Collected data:
(* Let $k_{\max}=k_{\max}(x)$ be a positive-integer-valued function with $\log k_{\max}(x)/\log x\to0$. Choose $m$ uniformly at random from $\{1,\dots,x\}$. For a positive integer $k$ and a prime $p$ let $A_k^p$ be the event that every $f\in[f_{m-k,m}]$ whose tuple satisfies $p\nmid a_0a_k$ is irreducible over $\mathbb{Q}$. Then \[ \lim_{x\to\infty}\mathbb{P}\Big(\bigcup_{p>k_{\max}}\ \bigcap_{k=1}^{k_{\max}}A_k^p\Big)=1, \] where the union is over primes $p>k_{\max}$.
   Context: For integers $0\le n<m$, $f_{n,m}(x)=\sum_{j=n}^{m}\frac{x^{j-n}}{j!}$. For a polynomial $f=\sum_{j=0}^{k}b_jx^j$ with $b_0b_k\ne0$ define $[f]=\{\sum_{j=0}^k a_jb_jx^j:\ a_j\in\mathbb{Z},\ a_0a_k\neq0\}$; each element of $[f]$ comes with its tuple $(a_0,\dots,a_k)$. Events involving $f_{m-k,m}$ are understood to include the requirement $m-k\ge0$. *)

From HB Require Import structures.
From mathcomp Require Import all_boot all_order all_algebra.
From mathcomp Require Import all_classical all_reals all_analysis.
Set Implicit Arguments. Unset Strict Implicit. Unset Printing Implicit Defensive.
Import Order.TTheory GRing.Theory Num.Theory.
Local Open Scope ring_scope.

(* Coefficient b_j of f_{m-k,m} = sum_{j=0}^{k} x^j / (m-k+j)! *)
Definition fcoef (m k j : nat) : rat := ((m - k + j)`!)%:R^-1.

Definition fpoly (m k : nat) (a : nat -> int) : {poly rat} :=
  \poly_(j < k.+1) ((a j)%:~R * fcoef m k j).

(* A_k^p for the given m (includes the requirement m - k >= 0). *)
Definition eventA (m k p : nat) : Prop :=
  (k <= m)%N /\
  forall a : nat -> int, a 0%N != 0 -> a k != 0 ->
    ~~ (p%:Z %| a 0%N * a k)%Z -> irreducible_poly (fpoly m k a).

Definition goodEvent (kmax m : nat) : Prop :=
  exists p : nat, prime p /\ (kmax < p)%N /\
    forall k : nat, (1 <= k <= kmax)%N -> eventA m k p.

Definition probGood (R : realType) (kmax x : nat) : R :=
  (\sum_(1 <= m < x.+1) (`[< goodEvent kmax m >] : nat)%:R) / x%:R.

From HB Require Import structures.
From mathcomp Require Import all_boot all_order all_algebra.
From mathcomp Require Import all_classical all_reals all_analysis.
From mathcomp Require Import zify ring lra.
Import Order.TTheory GRing.Theory Num.Theory.
Local Open Scope ring_scope.
Import numFieldNormedType.Exports.
Local Open Scope classical_set_scope.

(* Algebra: if a prime p divides m exactly (p | m, p^2 does not divide m) and
   k < p, then m! f_{m-k,m} = sum_j a_j m(m-1)...(m-k+j+1) x^j is an integer
   polynomial that is Eisenstein at p whenever p does not divide a_0 a_k;
   hence A_k^p holds, and m is good as soon as such a p exceeds kmax.
   Counting: fix z >= kmax.  An integer m <= x that is not good is either
   z-smooth, or divisible by q^2 for a prime q > z.  The latter are at most
   sum_{n>z} x/n^2 <= x/z.  The z-smooth m > t multiply to a divisor of
   (z!)^(4x/z+1) (compare p-adic valuations with Legendre's formula), so
   there are at most t + 5 x ln z / ln (t+1) smooth m <= x.
   Analysis: with z = n kmax and t = x/n, the bad proportion is at most 3/n
   once 20 n ln (n kmax) <= ln x, which holds eventually because
   ln kmax = o(ln x); letting n grow gives the limit 1.
   The file follows this order: the algebraic criterion, the smooth-number
   bound, the count of bad integers, the real-valued estimates, and finally
   the limit. *)

Lemma irreducible_scale (F : fieldType) (c : F) (p : {poly F}) :
  c != 0 -> irreducible_poly (c *: p) -> irreducible_poly p.
Proof.
move=> c0 [cp_gt1 cp_irr]; split; first by rewrite -(size_scale p c0).
move=> q q_neq1 q_dvd; apply: eqp_trans (eqp_scale p c0).
by apply: cp_irr; rewrite // dvdpZr.
Qed.

(* The integer polynomial m! f, for f the element of [f_{m-k,m}] with tuple a:
   its j-th coefficient is a_j m!/(m-k+j)! = a_j m^_(k-j). *)
Definition fpoly_int (m k : nat) (a : nat -> int) : {poly int} :=
  \poly_(j < k.+1) (a j * (m ^_ (k - j))%:Z).

(* Clearing denominators: m! = m^_(k-j) (m-k+j)! for j <= k <= m. *)
Lemma fpoly_scaled (m k : nat) (a : nat -> int) : (k <= m)%N ->
  (m`!)%:R *: fpoly m k a = map_poly intr (fpoly_int m k a).
Proof.
move=> km; apply/polyP => j; rewrite coefZ coef_map !coef_poly.
case: ltnP => jk; last by rewrite mulr0.
have fact_split : m`! = (m ^_ (k - j) * (m - k + j)`!)%N.
  by rewrite -(@ffact_fact m (k - j)); [congr (_ * _`!)%N | ]; lia.
have fact_neq0 : ((m - k + j)`!)%:R != 0 :> rat by rewrite pnatr_eq0 -lt0n fact_gt0.
rewrite -[RHS]/((a j * (m ^_ (k - j))%:Z)%:~R : rat) intrM -pmulrn.
by rewrite /fcoef fact_split natrM; field.
Qed.

Lemma ffact_coprime (m p j : nat) : prime p -> (0 < m)%N -> (p %| m)%N ->
  (j < p)%N -> ~~ (p %| m.-1 ^_ j)%N.
Proof.
move=> p_pr m_gt0 pm; elim: j => [|j IH] jp; first by rewrite ffactn0 Euclid_dvd1.
have p_le_m : (p <= m)%N by apply: dvdn_leq.
rewrite ffactnSr Euclid_dvdM // negb_or IH 1?ltnW //=.
apply/negP => p_dvd_factor.
have : (p %| m - (m.-1 - j))%N by apply: dvdn_sub.
have -> : (m - (m.-1 - j) = j.+1)%N by lia.
by move/dvdn_leq; lia.
Qed.

Lemma sq_ndvd_mul (p a b : nat) : prime p -> ~~ (p %| a)%N ->
  ~~ (p ^ 2 %| b)%N -> ~~ (p ^ 2 %| a * b)%N.
Proof.
move=> p_pr pa pb; rewrite Gauss_dvdr //.
by rewrite coprimeXl // prime_coprime.
Qed.

(* Eisenstein's criterion at an exact prime divisor p > k of m gives A_k^p:
   the constant coefficient a_0 m (m-1)...(m-k+1) is divisible by p exactly
   once, all middle coefficients contain the factor m, and the leading one
   is a_k. *)
Lemma eventA_of_exact_divisor (m k p : nat) : prime p -> (0 < k < p)%N ->
  (p %| m)%N -> ~~ (p ^ 2 %| m)%N -> eventA m k p.
Proof.
move=> p_pr /andP[k_gt0 kp] pm p2m.
have m_gt0 : (0 < m)%N by case: m pm p2m => // _; rewrite dvdn0.
have km : (k <= m)%N by apply: leq_trans (ltnW kp) (dvdn_leq m_gt0 pm).
split=> // a a0 ak pa.
move: pa; rewrite dvdzE abszM Euclid_dvdM // negb_or => /andP[/= pa0 /= pak].
apply: (@irreducible_scale _ (m`!)%:R); first by rewrite pnatr_eq0 -lt0n fact_gt0.
rewrite fpoly_scaled //; apply/irreducible_rat_int.
set g := fpoly_int m k a.
have g_size : size g = k.+1 by rewrite size_poly_eq //= subnn ffactn0 mulr1.
apply: (eisenstein_crit p_pr); rewrite ?g_size.
- by rewrite eqSS -lt0n.
- by rewrite lead_coefE g_size coef_poly ltnSn subnn ffactn0 mulr1 dvdzE.
- rewrite coef_poly /= subn0 -(prednK k_gt0) ffactnS.
  apply/negP; rewrite dvdzE abszM /= natrXE mulnCA mulnC; apply/negP.
  apply: sq_ndvd_mul => //.
  by rewrite Euclid_dvdM // negb_or pa0 ffact_coprime // (leq_ltn_trans (leq_pred k)).
- move=> i ik; rewrite coef_poly ltnS ltnW //; apply: dvdz_mull.
  by rewrite dvdzE /= -(subnSK ik) ffactnS dvdn_mulr.
Qed.

Section SmoothNumbers.
Local Open Scope nat_scope.

Definition smooth (z m : nat) : bool := all (fun q => q <= z) (primes m).

Definition smooth_count (z x : nat) : nat := \sum_(1 <= m < x.+1) smooth z m.

Definition smooth_prod (z x : nat) : nat :=
  \prod_(1 <= m < x.+1) (if smooth z m then m else 1).

Lemma smooth_prod_gt0 z x : 0 < smooth_prod z x.
Proof.
rewrite /smooth_prod big_seq; elim/big_ind: _ => // [a b|m].
  by rewrite muln_gt0 => ->.
by rewrite mem_index_iota; case: ifP => //; lia.
Qed.

Lemma smooth_prod_dvd_fact z x : smooth_prod z x %| x`!.
Proof.
rewrite /smooth_prod fact_prod; apply: (big_ind2 (fun a b => a %| b)) => //.
  by move=> a b c d; apply: dvdn_mul.
by move=> m _; case: ifP.
Qed.

Lemma smooth_prod_primes z x p : p \in primes (smooth_prod z x) -> p <= z.
Proof.
rewrite mem_primes => /and3P [p_pr _]; rewrite /smooth_prod big_seq Euclid_dvd_prod //.
apply: contraLR; rewrite -ltnNge => zp.
elim/big_ind: _ => // [a b /negbTE -> /negbTE -> //|m].
rewrite mem_index_iota => /andP [m_gt0 _].
case: ifP => m_smooth; last by rewrite Euclid_dvd1.
apply/negP => pm.
have : p \in primes m by rewrite mem_primes p_pr m_gt0.
by move/(allP m_smooth) => /=; lia.
Qed.

(* Geometric decay in Legendre's formula: sum_{k>=1} y/p^k <= 2 y/p. *)
Lemma legendre_sum_le (p : nat) : 1 < p -> forall K y,
  \sum_(1 <= k < K.+1) y %/ p ^ k <= 2 * (y %/ p).
Proof.
move=> p_gt1; elim=> [|K IH] y; first by rewrite big_geq.
rewrite big_nat_recl //.
have -> : \sum_(1 <= i < K.+1) y %/ p ^ i.+1 = \sum_(1 <= i < K.+1) (y %/ p) %/ p ^ i.
  by apply: eq_bigr => i _; rewrite expnS divnMA.
have := IH (y %/ p); rewrite expn1.
have : 2 * ((y %/ p) %/ p) <= y %/ p by have := leq_trunc_div (y %/ p) p; nia.
lia.
Qed.

(* Comparing p-adic valuations prime by prime: the smooth numbers up to x
   multiply to a divisor of (z!)^(4x/z + 1). *)
Lemma smooth_prod_dvd z x : 0 < z -> smooth_prod z x %| (z`!) ^ ((4 * x) %/ z + 1).
Proof.
move=> z_gt0; apply/(dvdn_partP _ (smooth_prod_gt0 z x)) => p p_prod.
have pz := @smooth_prod_primes z x p p_prod.
move: p_prod; rewrite mem_primes => /and3P [p_pr _ _].
have p_gt1 := prime_gt1 p_pr.
rewrite p_part pfactor_dvdn // ?expn_gt0 ?fact_gt0 // lognX.
apply: (leq_trans (dvdn_leq_log p (fact_gt0 x) (smooth_prod_dvd_fact z x))).
rewrite !logn_fact //.
apply: (leq_trans (legendre_sum_le p p_gt1 x x)).
have zp_le : z %/ p <= \sum_(1 <= k < z.+1) z %/ p ^ k.
  by rewrite big_nat_recl // expn1 leq_addr.
apply: (leq_trans _ (leq_mul (leqnn _) zp_le)).
have h1 := leq_trunc_div x p.
have h2 := ltn_ceil z (ltnW p_gt1).
have h3 := ltn_ceil (4 * x) z_gt0.
have h4 : 1 <= z %/ p by rewrite divn_gt0 // ltnW.
set a := x %/ p in h1 *; set b := z %/ p in h2 h4 *; set c := (4 * x) %/ z in h3 *.
nia.
Qed.

(* Each smooth m > t contributes a factor of at least t + 1. *)
Lemma smooth_prod_lower z x t :
  t.+1 ^ (\sum_(1 <= m < x.+1) (smooth z m && (t < m))) <= smooth_prod z x.
Proof.
rewrite /smooth_prod; elim: x => [|x IH]; first by rewrite !big_geq.
rewrite big_nat_recr // [X in _ <= X]big_nat_recr //= expnD.
apply: leq_mul => //.
by case: (smooth z x.+1); case: (ltnP t x.+1) => h; rewrite ?expn1 ?expn0 //; lia.
Qed.

Lemma count_le_bound x t : \sum_(1 <= m < x.+1) (m <= t) <= t.
Proof.
suff : \sum_(1 <= m < x.+1) (m <= t) <= minn x t by lia.
elim: x => [|x IH]; first by rewrite big_geq.
by rewrite (big_nat_recr x.+1) //=; case: (leqP x.+1 t) => h /=; lia.
Qed.

Lemma fact_le_pow z : z`! <= z ^ z.
Proof.
elim: z => // z IH; rewrite factS expnS; apply: leq_mul => //.
by apply: (leq_trans IH); case: z IH => // z _; rewrite leq_exp2r.
Qed.

(* Counting bound for smooth numbers: at most t of them lie in [1, t], and
   the remaining ones, each > t, multiply to at most z^(z(4x/z+1)). *)
Lemma smooth_count_pow z x t : 0 < z ->
  t.+1 ^ (smooth_count z x - t) <= z ^ (z * ((4 * x) %/ z + 1)).
Proof.
move=> z_gt0.
have split_count : smooth_count z x <=
    \sum_(1 <= m < x.+1) (m <= t) + \sum_(1 <= m < x.+1) (smooth z m && (t < m)).
  rewrite -big_split /=; apply: leq_sum => m _.
  by case: (smooth z m); case: leqP.
have small := count_le_bound x t.
apply: (@leq_trans (t.+1 ^ (\sum_(1 <= m < x.+1) (smooth z m && (t < m))))).
  by apply: leq_pexp2l => //; lia.
apply: (leq_trans (smooth_prod_lower z x t)).
apply: (@leq_trans ((z`!) ^ ((4 * x) %/ z + 1))).
  by apply: dvdn_leq; [rewrite expn_gt0 fact_gt0 | apply: smooth_prod_dvd].
by rewrite expnM leq_exp2r ?addn1 // fact_le_pow.
Qed.

End SmoothNumbers.

Section BadIntegers.
Local Open Scope nat_scope.

Lemma goodEvent_of_exact_divisor kmax m p : prime p -> kmax < p ->
  p %| m -> ~~ (p ^ 2 %| m) -> goodEvent kmax m.
Proof.
move=> p_pr kp pm p2m; exists p; split=> //; split=> // k /andP [k_gt0 k_le].
by apply: eventA_of_exact_divisor => //; rewrite k_gt0 (leq_ltn_trans k_le kp).
Qed.

Definition good_count (kmax x : nat) : nat :=
  \sum_(1 <= m < x.+1) (`[< goodEvent kmax m >] : nat).

Lemma good_count_le kmax x : good_count kmax x <= x.
Proof.
apply: (@leq_trans (\sum_(1 <= m < x.+1) 1)); first by apply: leq_sum => m _; case: asbool.
by rewrite sum_nat_const_nat muln1 subn1.
Qed.

(* If kmax <= z, every m in [1, x] is good, z-smooth, or divisible by n^2
   for some n in (z, x]: a prime factor q > z of a non-smooth m either
   divides m exactly or has q^2 | m.  Counting such m by the n^2 dividing
   them gives the bound. *)
Lemma bad_count_le kmax z x : kmax <= z ->
  x <= good_count kmax x + smooth_count z x + \sum_(z.+1 <= n < x.+1) x %/ n ^ 2.
Proof.
move=> kz.
have -> : \sum_(z.+1 <= n < x.+1) x %/ n ^ 2 =
          \sum_(1 <= m < x.+1) \sum_(z.+1 <= n < x.+1) (n ^ 2 %| m).
  by rewrite exchange_big_nat; apply: eq_bigr => n _; rewrite divn_count_dvd.
rewrite -!big_split /=.
rewrite -[X in X <= _]muln1 -[X in X * 1](subn1 x.+1) -sum_nat_const_nat.
rewrite big_nat_cond [X in _ <= X]big_nat_cond; apply: leq_sum => m.
rewrite andbT => /andP [m_gt0 mx].
case m_smooth: (smooth z m); first by lia.
have := negbT m_smooth; rewrite /smooth => /allPn [q qm zq].
move: (qm); rewrite mem_primes => /and3P [q_pr _ qdm].
case q2m: (q ^ 2 %| m).
  rewrite (bigD1_seq q) ?q2m /= ?iota_uniq //; first by lia.
  by rewrite mem_index_iota; have := dvdn_leq m_gt0 qdm; lia.
rewrite asboolT; first by lia.
by apply: (@goodEvent_of_exact_divisor kmax m q q_pr) => //; [lia | rewrite q2m].
Qed.

End BadIntegers.

Section RealBounds.
Variable R : realType.

Lemma natdiv_le (x d : nat) : (0 < d)%N -> ((x %/ d)%N%:R : R) <= x%:R / d%:R.
Proof.
by move=> d_gt0; rewrite ler_pdivlMr ?ltr0n // -natrM ler_nat leq_trunc_div.
Qed.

What the task asks: Answer with one number, namely the count of lines in the entries that include the word "holds".

Exercise answer: 2